По большому счету, Танве опять было нечего сказать и нечем возразить. Тогда, на крыше, ей все казалось простым, естественным и логичным; теперь же она понимала, насколько глупо себя вела; ее выходка, спасшая Ортану несколько верных слуг, чуть не стоила жизни ей самой.

– Понятно, – кивнул Тибар, видимо предположив, что, кроме невнятного бормотания и слезящихся глаз, иного ответа не добьется. – Ладно, спишем твой подвиг на природную глупость и довольно сильно атрофированный инстинкт самосохранения…
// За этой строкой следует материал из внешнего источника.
(* Let $G$ be a finite graph with maximum degree $\Delta$ and average degree $d\geq \Delta^{3/4}$. Then $G$ contains a $C_4$-free subgraph with average degree at least $d\cdot \Delta^{-3/4}/4$.
   Context: Average degree of $G$ is $2e(G)/|V(G)|$. A graph is $C_4$-free if it contains no $4$-cycle as a subgraph. *)

From mathcomp Require Import all_boot all_order all_algebra.
From mathcomp Require Import reals exp.
Set Implicit Arguments. Unset Strict Implicit. Unset Printing Implicit Defensive.
Import Order.TTheory GRing.Theory Num.Theory.

(* A finite simple graph is a symmetric irreflexive relation e on a finType T. *)

Definition deg (T : finType) (e : rel T) (v : T) : nat := #|[set u | e v u]|.

Definition maxdeg (T : finType) (e : rel T) : nat := \max_(v : T) deg e v.

(* number of ordered adjacent pairs inside A, i.e. 2 * (number of edges of e inside A) *)
Definition two_edges (T : finType) (A : {set T}) (e : rel T) : nat :=
  #|[set p : T * T | [&& p.1 \in A, p.2 \in A & e p.1 p.2]]|.

Definition avg_deg (R : realType) (T : finType) (A : {set T}) (e : rel T) : R :=
  ((two_edges A e)%:R / (#|A|)%:R)%R.

Definition is_subgraph (T : finType) (e : rel T) (A : {set T}) (e' : rel T) : Prop :=
  symmetric e' /\ (forall x y, e' x y -> [&& e x y, x \in A & y \in A]).

Definition C4_free (T : finType) (e : rel T) : Prop :=
  forall a b c d : T, uniq [:: a; b; c; d] ->
    ~~ [&& e a b, e b c, e c d & e d a].

From mathcomp Require Import all_boot all_order all_algebra.
From mathcomp Require Import reals exp.
From mathcomp Require Import zify ring.
From Stdlib Require Import Classical.
Import Order.TTheory GRing.Theory Num.Theory.
Set Implicit Arguments. Unset Strict Implicit.

(* Fix k and let F be a maximal C4-free subgraph of G of maximum degree at most
   k, where an edge uv of G may only be added when u and v have degree < k in F
   and F has no walk of length 3 from u to v.  By maximality every edge of G has
   an endpoint of F-degree k or closes such a walk.  There are at most 2e(F)/k
   vertices of F-degree k, each on at most Delta edges, and at most 2e(F) k^2
   walks of length 3 in F, so k 2e(G) <= 2e(F) (2 Delta + k^3).  For
   k = floor(Delta^(1/3)) one has 2 Delta + k^3 <= 4 k Delta^(3/4). *)

Section DegreeCounting.
Variables (T : finType) (r : rel T).

Lemma deg_sum x : deg r x = \sum_y (r x y : nat).
Proof.
by rewrite /deg -sum1dep_card big_mkcond; apply: eq_bigr => y _; case: (r x y).
Qed.

Lemma two_edgesT : two_edges [set: T] r = \sum_x deg r x.
Proof.
rewrite /two_edges -sum1dep_card big_mkcond (eq_bigr _ (fun x _ => deg_sum x)).
by rewrite pair_bigA; apply: eq_bigr => -[x y] _; rewrite !inE; case: (r x y).
Qed.

Lemma deg_le_maxdeg x : deg r x <= maxdeg r.
Proof. exact: leq_bigmax. Qed.

Lemma mul_card_deg_ge k : k * #|[set x | k <= deg r x]| <= \sum_x deg r x.
Proof.
rewrite -sum1dep_card big_distrr /= [X in _ <= X](bigID (fun x => k <= deg r x)) /=.
by apply: leq_trans _ (leq_addr _ _); apply: leq_sum => x; rewrite muln1.
Qed.

Lemma sum_deg_in_le (S : {set T}) :
  \sum_u \sum_v r u v * (u \in S) <= #|S| * maxdeg r.
Proof.
rewrite -sum1_card big_distrl [X in _ <= X]big_mkcond /=.
apply: leq_sum => u _; rewrite -big_distrl /= -deg_sum.
case: (u \in S); rewrite /= ?muln1 ?muln0 ?mul1n //; exact: deg_le_maxdeg.
Qed.

Definition walks3 (u v : T) : nat := \sum_a \sum_b r u a * r a b * r b v.

Lemma sum_walks3 : symmetric r ->
  \sum_u \sum_v walks3 u v = \sum_a \sum_b deg r a * r a b * deg r b.
Proof.
move=> r_sym.
rewrite (eq_bigr (fun u => \sum_a \sum_b r u a * r a b * deg r b)) => [|u _].
  rewrite exchange_big; apply: eq_bigr => a _; rewrite exchange_big.
  apply: eq_bigr => b _; rewrite -!big_distrl /= [deg r a]deg_sum.
  by congr (_ * _ * _); apply: eq_bigr => u _; rewrite r_sym.
rewrite /walks3 exchange_big; apply: eq_bigr => a _; rewrite exchange_big.
by apply: eq_bigr => b _; rewrite deg_sum big_distrr.
Qed.

Lemma sum_walks3_le : symmetric r ->
  \sum_u \sum_v walks3 u v <= (\sum_x deg r x) * maxdeg r ^ 2.
Proof.
move=> r_sym; rewrite sum_walks3 // big_distrl /=; apply: leq_sum => a _.
rewrite [in X in _ <= X]deg_sum big_distrl /=; apply: leq_sum => b _.
rewrite mulnC; case: (r a b); rewrite /= ?mul1n ?mul0n ?muln0 ?muln1 // expnS expn1.
by apply: leq_mul; apply: deg_le_maxdeg.
Qed.

End DegreeCounting.

Lemma walks3_gt0 (T : finType) (r : rel T) u a b v :
  r u a -> r a b -> r b v -> 0 < walks3 r u v.
Proof.
move=> rua rab rbv; rewrite /walks3 (bigD1 a) //= (bigD1 b) //= rua rab rbv.
by rewrite -addnA leq_addr.
Qed.

(* Subgraphs are handled as sets of ordered adjacent pairs, so that maximal
   ones exist in the finite type {set T * T}. *)
Definition rel_of_set (T : finType) (F : {set T * T}) : rel T :=
  fun x y => (x, y) \in F.

Lemma C4_free_setU2 (T : finType) (F : {set T * T}) u v :
  symmetric (rel_of_set F) -> C4_free (rel_of_set F) ->
  walks3 (rel_of_set F) u v = 0 ->
  C4_free (rel_of_set (F :|: [set (u, v); (v, u)])).
Proof.
set r := rel_of_set F; set r' := rel_of_set _ => r_sym r_C4 no_walk.
have r'E x y : r' x y = [|| r x y, (x == u) && (y == v) | (x == v) && (y == u)].
  by rewrite /r' /rel_of_set !inE !xpair_eqE.
have r'_old x y : u != x -> v != x -> r' x y = r x y /\ r' y x = r y x.
  by move=> /negbTE ux /negbTE vx; rewrite !r'E !(eq_sym x) ux vx !andbF !orbF.
have old_first x y z w : uniq [:: x; y; z; w] -> cycle r' [:: x; y; z; w] -> r x y.
  rewrite /= !inE !negb_or => /and4P[/and3P[xy xz xw] /andP[yz yw] _ _].
  rewrite r'E => /and5P[].
  case/or3P=> [// | /andP[/eqP xu /eqP yv] | /andP[/eqP xv /eqP yu]] r'yz r'zw r'wx _.
  - rewrite xu yv in xz yz xw yw r'yz r'wx.
    rewrite (r'_old _ _ xz yz).2 in r'yz; rewrite (r'_old _ _ xz yz).1 in r'zw.
    rewrite (r'_old _ _ xw yw).1 in r'wx.
    suff : 0 < walks3 r u v by rewrite no_walk.
    by apply: (walks3_gt0 (a := w) (b := z)); rewrite r_sym.
  - rewrite xv yu in xz yz xw yw r'yz r'wx.
    rewrite (r'_old _ _ yz xz).2 in r'yz; rewrite (r'_old _ _ yz xz).1 in r'zw.
    rewrite (r'_old _ _ yw xw).1 in r'wx.
    suff : 0 < walks3 r u v by rewrite no_walk.
    exact: walks3_gt0 r'yz r'zw r'wx.
move=> a b c d abcd; apply/negP => cyc_abcd.
have {cyc_abcd} cyc : cycle r' [:: a; b; c; d] by rewrite /= andbT.
have /negP := r_C4 a b c d abcd; apply; apply/and4P; split.
- exact: (old_first a b c d abcd cyc).
- apply: (old_first b c d a); first by rewrite (rot_uniq 1 [:: a; b; c; d]).
  by rewrite (rot_cycle 1 r' [:: a; b; c; d]).
- apply: (old_first c d a b); first by rewrite (rot_uniq 2 [:: a; b; c; d]).
  by rewrite (rot_cycle 2 r' [:: a; b; c; d]).
- apply: (old_first d a b c); first by rewrite (rot_uniq 3 [:: a; b; c; d]).
  by rewrite (rot_cycle 3 r' [:: a; b; c; d]).
Qed.

Lemma card_set_andb_eq1 (T : finType) (b : bool) (v : T) :
  #|[set y | b && (y == v)]| = b.
Proof.
case: b => /=; [rewrite -(cards1 v) | rewrite -(cards0 T)];
  by apply: eq_card => y; rewrite !inE.
Qed.

Lemma deg_setU2 (T : finType) (F : {set T * T}) u v x :
  deg (rel_of_set (F :|: [set (u, v); (v, u)])) x
    <= deg (rel_of_set F) x + (x == u) + (x == v).
Proof.
rewrite /deg -(card_set_andb_eq1 (x == u) v) -(card_set_andb_eq1 (x == v) u).
have -> : [set y | rel_of_set (F :|: [set (u, v); (v, u)]) x y] =
    [set y | rel_of_set F x y] :|: [set y | (x == u) && (y == v)]
                               :|: [set y | (x == v) && (y == u)].
  by apply/setP => y; rewrite !inE /rel_of_set !inE !xpair_eqE orbA.
apply: leq_trans (leq_card_setU _ _).1 _; rewrite leq_add2r.
exact: (leq_card_setU _ _).1.
Qed.

Lemma exists_maximal_set (X : finType) (P : {set X} -> Prop) (A : {set X}) :
  P A -> exists2 F, P F & forall G : {set X}, F \proper G -> ~ P G.
Proof.
move: {2}#|~: A| (leqnn #|~: A|) => n.
elim: n A => [|n IHn] A An PA;
  (have [[G AG PG]|noG] := classic (exists2 G : {set X}, A \proper G & P G);
   last by exists A => // G AG PG; apply: noG; exists G);
  have := proper_card (_ : ~: G \proper ~: A); rewrite properC => /(_ AG) GA.
- by move: GA; rewrite ltnNge (leq_trans An).
- by apply: (IHn G) => //; rewrite -ltnS (leq_trans GA).
Qed.

Section MaximalBoundedC4Free.
Variables (T : finType) (e : rel T) (k : nat).
Hypotheses (e_sym : symmetric e) (e_irr : irreflexive e).

Definition bounded_C4_free (F : {set T * T}) : Prop :=
  [/\ symmetric (rel_of_set F), subrel (rel_of_set F) e, C4_free (rel_of_set F)
    & forall x, deg (rel_of_set F) x <= k].

Definition maximal_bounded_C4_free (F : {set T * T}) : Prop :=
  bounded_C4_free F /\ forall G : {set T * T}, F \proper G -> ~ bounded_C4_free G.

Lemma bounded_C4_free0 : bounded_C4_free set0.
Proof.
split=> [x y|x y|a b c d _|x]; rewrite /rel_of_set ?inE //.
by rewrite /deg (_ : [set y | _] = set0) ?cards0 //; apply/setP => y; rewrite !inE.
Qed.

Lemma bounded_C4_free_setU2 F u v :
  bounded_C4_free F -> e u v -> deg (rel_of_set F) u < k -> deg (rel_of_set F) v < k ->
  walks3 (rel_of_set F) u v = 0 -> bounded_C4_free (F :|: [set (u, v); (v, u)]).
Proof.
move=> [F_sym F_e F_C4 F_deg] euv du dv no_walk.
have uv : (u == v) = false by apply: contraTF euv => /eqP->; rewrite e_irr.
split.
- move=> x y; have := F_sym x y; rewrite /rel_of_set !inE !xpair_eqE => ->.
  by congr (_ || _); rewrite orbC [(y == u) && _]andbC [(y == v) && _]andbC.
- move=> x y; rewrite /rel_of_set !inE !xpair_eqE.
  case/or3P=> [/F_e // | /andP[/eqP-> /eqP->] // | /andP[/eqP-> /eqP->]].
  by rewrite e_sym.
- exact: C4_free_setU2.
- move=> x; apply: leq_trans (deg_setU2 F u v x) _.
  have [->|xu] := eqVneq x u; first by rewrite uv addn0 addn1.
  have [->|xv] := eqVneq x v; first by rewrite addn0 addn1.
  by rewrite addn0 addn0 F_deg.
Qed.

Lemma maximal_bounded_C4_free_cover F u v :
  maximal_bounded_C4_free F -> e u v ->
  [|| k <= deg (rel_of_set F) u, k <= deg (rel_of_set F) v
    | 0 < walks3 (rel_of_set F) u v].
Proof.
move=> [bF maxF] euv; apply/negPn/negP; rewrite !negb_or -!ltnNge ltnS leqn0.
case/and3P=> du dv /eqP no_walk.
apply: (maxF (F :|: [set (u, v); (v, u)])); last exact: bounded_C4_free_setU2.
rewrite properUl //; apply/subsetPn; exists (u, v); first by rewrite !inE eqxx.
(* (u, v) \in F would give the walk u v u v. *)
apply/negP => Fuv; suff : 0 < walks3 (rel_of_set F) u v by rewrite no_walk.
by case: bF => F_sym _ _ _; apply: (walks3_gt0 (a := v) (b := u)); rewrite // F_sym.
Qed.

Lemma sum_deg_maximal_bounded_C4_free F :
  maximal_bounded_C4_free F ->
  k * \sum_x deg e x <= (\sum_x deg (rel_of_set F) x) * (2 * maxdeg e + k ^ 3).
Proof.
move=> mF; have [[F_sym _ _ F_deg] _] := mF.
set r := rel_of_set F; set S := [set x | k <= deg r x].
have cover u v : e u v <= e u v * ((u \in S) + (v \in S)) + walks3 r u v.
  case euv: (e u v) => //; rewrite mul1n !inE.
  case/or3P: (maximal_bounded_C4_free_cover mF euv) => [-> | -> | w_pos].
  - by rewrite /= !addSn.
  - by rewrite /= addnS addSn.
  - by rewrite addnC ltn_addr.
have sum_e : \sum_x deg e x <= 2 * (#|S| * maxdeg e) + \sum_u \sum_v walks3 r u v.
  have sym_half : \sum_u \sum_v e u v * (v \in S) = \sum_u \sum_v e u v * (u \in S).
    rewrite exchange_big; apply: eq_bigr => u _.
    by apply: eq_bigr => v _; rewrite e_sym.
  rewrite (eq_bigr _ (fun u _ => deg_sum e u)).
  apply: (@leq_trans (\sum_u \sum_v (e u v * ((u \in S) + (v \in S)) + walks3 r u v))).
    by apply: leq_sum => u _; apply: leq_sum => v _; apply: cover.
  under eq_bigr => u _ do rewrite big_split /=.
  rewrite big_split /= leq_add2r.
  under eq_bigr => u _ do under eq_bigr => v _ do rewrite mulnDr.
  under eq_bigr => u _ do rewrite big_split /=.
  rewrite big_split /= sym_half addnn -mul2n.
  by rewrite leq_mul2l sum_deg_in_le orbT.
have card_S := mul_card_deg_ge r k.
have sum_w : \sum_u \sum_v walks3 r u v <= (\sum_x deg r x) * k ^ 2.
  apply: leq_trans (sum_walks3_le F_sym) _; rewrite leq_mul2l leq_exp2r //.
  by apply/orP; right; apply/bigmax_leqP => x _; apply: F_deg.
set EF := \sum_x deg r x in card_S sum_w *; set W := \sum_u \sum_v _ in sum_e sum_w.
have -> : EF * (2 * maxdeg e + k ^ 3) = 2 * (EF * maxdeg e) + k * (EF * k ^ 2) by ring.
apply: leq_trans (leq_mul (leqnn k) sum_e) _; rewrite mulnDr mulnCA.
apply: leq_add; first by rewrite leq_mul2l mulnA leq_mul2r card_S !orbT.
by rewrite leq_mul2l sum_w orbT.
Qed.

Lemma exists_maximal_bounded_C4_free : exists F, maximal_bounded_C4_free F.
Proof. by have [F ? ?] := exists_maximal_set bounded_C4_free0; exists F. Qed.

End MaximalBoundedC4Free.

Lemma exists_floor_cbrt D : exists k, k ^ 3 <= D < k.+1 ^ 3.
Proof.
have ex : exists k, k ^ 3 <= D by exists 0.
have ub k : k ^ 3 <= D -> k <= D by nia.
case: (ex_maxnP ex ub) => k kD kmax; exists k; rewrite kD ltnNge /=.
by apply/negP => /kmax; rewrite ltnn.
Qed.

Lemma floor_cbrt_balance k D : 0 < D -> k ^ 3 <= D < k.+1 ^ 3 ->
  (2 * D + k ^ 3) ^ 4 <= (4 * k) ^ 4 * D ^ 3.
Proof.
move=> D_gt0 /andP[kD Dk]; rewrite expnMn.
have [k_le1 | k_ge2] := leqP k 1.
  by case: k k_le1 kD Dk => [|[|//]] _ kD Dk; nia.
have three : 2 * D + k ^ 3 <= 3 * D by lia.
have D_le : 81 * D <= 4 ^ 4 * k ^ 4 by nia.
apply: leq_trans (_ : (3 * D) ^ 4 <= _); first by rewrite leq_exp2r.
have -> : (3 * D) ^ 4 = 81 * D * D ^ 3 by ring.
by rewrite leq_mul2r D_le orbT.
Qed.

Local Open Scope ring_scope.

Lemma ler_nat_powR34 (R : realType) (a b D : nat) :
  (a ^ 4 <= b ^ 4 * D ^ 3)%N -> (a%:R : R) <= b%:R * D%:R `^ (3 / 4).
Proof.
move=> ab; have p_ge0 : (0 : R) <= D%:R `^ (3 / 4) by apply: powR_ge0.
have p4 : (D%:R `^ (3 / 4)) ^+ 4 = (D%:R : R) ^+ 3.
  rewrite -powR_mulrn // -powRrM -powR_mulrn //.
  by rewrite divfK // pnatr_eq0.
rewrite -(@ler_pXn2r _ 4) ?nnegrE ?mulr_ge0 //.
by rewrite exprMn p4 -!natrX -natrM ler_nat.
Qed.

Lemma ler_powRN34_floor_cbrt (R : realType) (k M N D : nat) :
  (k ^ 3 <= D < k.+1 ^ 3)%N -> (k * M <= N * (2 * D + k ^ 3))%N ->
  M%:R * D%:R `^ (- (3 / 4)) / 4 <= (N%:R : R).
Proof.
move=> k_cbrt kM; have [D0 | D_gt0] := posnP D.
  by rewrite D0 powR0 ?mulr0 ?mul0r ?ler0n // oppr_eq0 mulf_neq0 ?invr_eq0 ?pnatr_eq0.
have k_gt0 : (0 < k)%N.
  by rewrite lt0n; apply: contraTneq k_cbrt => ->; rewrite exp1n ltnNge D_gt0 andbF.
set p := (D%:R : R) `^ (3 / 4).
have p_gt0 : 0 < p by apply: powR_gt0; rewrite ltr0n.
have bal : (2 * D + k ^ 3)%N%:R <= (4 * k)%N%:R * p.
  exact/ler_nat_powR34/floor_cbrt_balance.
rewrite powRN -/p ler_pdivrMr // ler_pdivrMr // -(@ler_pM2l _ k%:R) ?ltr0n //.
apply: le_trans (_ : N%:R * (2 * D + k ^ 3)%N%:R <= _).
  by rewrite -!natrM ler_nat.
have -> : k%:R * (N%:R * 4 * p) = N%:R * ((4 * k)%:R * p) by rewrite natrM; ring.
by apply: ler_wpM2l; rewrite ?ler0n.
Qed.

Theorem lemma10 (R : realType) (T : finType) (e : rel T) :
  symmetric e -> irreflexive e -> (0 < #|T|)%N ->
  ((maxdeg e)%:R : R) `^ (3 / 4) <= avg_deg R [set: T] e ->
  exists (A : {set T}) (e' : rel T),
    [/\ A != set0, is_subgraph e A e', C4_free e' &
        avg_deg R [set: T] e * ((maxdeg e)%:R : R) `^ (- (3 / 4)) / 4
          <= avg_deg R A e'].
Proof.
(* The bound holds without the hypothesis d >= Delta^(3/4), which only makes it
   at least 1/4. *)
move=> e_sym e_irr T_gt0 _.
have [k k_cbrt] := exists_floor_cbrt (maxdeg e).
have [F mF] := exists_maximal_bounded_C4_free e k.
have [[F_sym F_e F_C4 _] _] := mF.
exists [set: T], (rel_of_set F); split => //.
- by rewrite -card_gt0 cardsT.
- by split => // x y /F_e exy; rewrite !inE exy.
rewrite /avg_deg !two_edgesT cardsT.
have -> (a b : R) : a / #|T|%:R * b / 4 = a * b / 4 / #|T|%:R by ring.
rewrite ler_pM2r ?invr_gt0 ?ltr0n //.
exact: ler_powRN34_floor_cbrt k_cbrt (sum_deg_maximal_bounded_C4_free e_sym e_irr mF).
Qed.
Танва не знала таких сложных слов и поэтому, наконец-то посмотрев на вельможу, часто захлопала длинными ресницами, что могло лишь означать крайнюю степень девичьего удивления.

– Давай, красавица, поговорим о другом… – хмыкнул Тибар, а затем, даже не предложив девушке промочить горло, залпом осушил добрую половину бутылки. – Что мне с тобой делать-то? Ты хоть понимаешь, в какую историю угодила?

– Вы меня убьете? – спросила девушка без слез, но жалостливо.

– Не исключаю и такой возможности, – как будто речь шла об обычной порке, спокойно заявил граф, – но я не хочу этого. Если бы хотел, ты бы уже давно была мертва. Я дам тебе шанс выжить, хоть ты и видела чересчур много… – констатировал и без того явное вельможа, а затем, многозначительно ухмыльнувшись, добавил: – …для живого.

– Я… я не продам душу! – почти выкрикнула белошвейка, вскочив с табурета и сделав пару неуверенных шажков к двери.

Возможно, Танва и решилась бы на бесполезную и бессмысленную попытку бегства, но ее остановил смех, задорный, раскатистый смех вельможи; смех через боль и сквозь выступившие на его вдруг раскрасневшемся лице слезы. Тибар хохотал, выронив бутылку и разлив по кровати остатки вина. Красная жидкость, растекающаяся по белой простыне, выглядит очень зловеще, она завораживает взор и одновременно лишает душевных сил. Девушке показалось, что на кровати сидит не раненый граф и не просто красивый мужчина, а беснующийся в припадке безумия кровожадный демон, явившийся за новыми жертвами.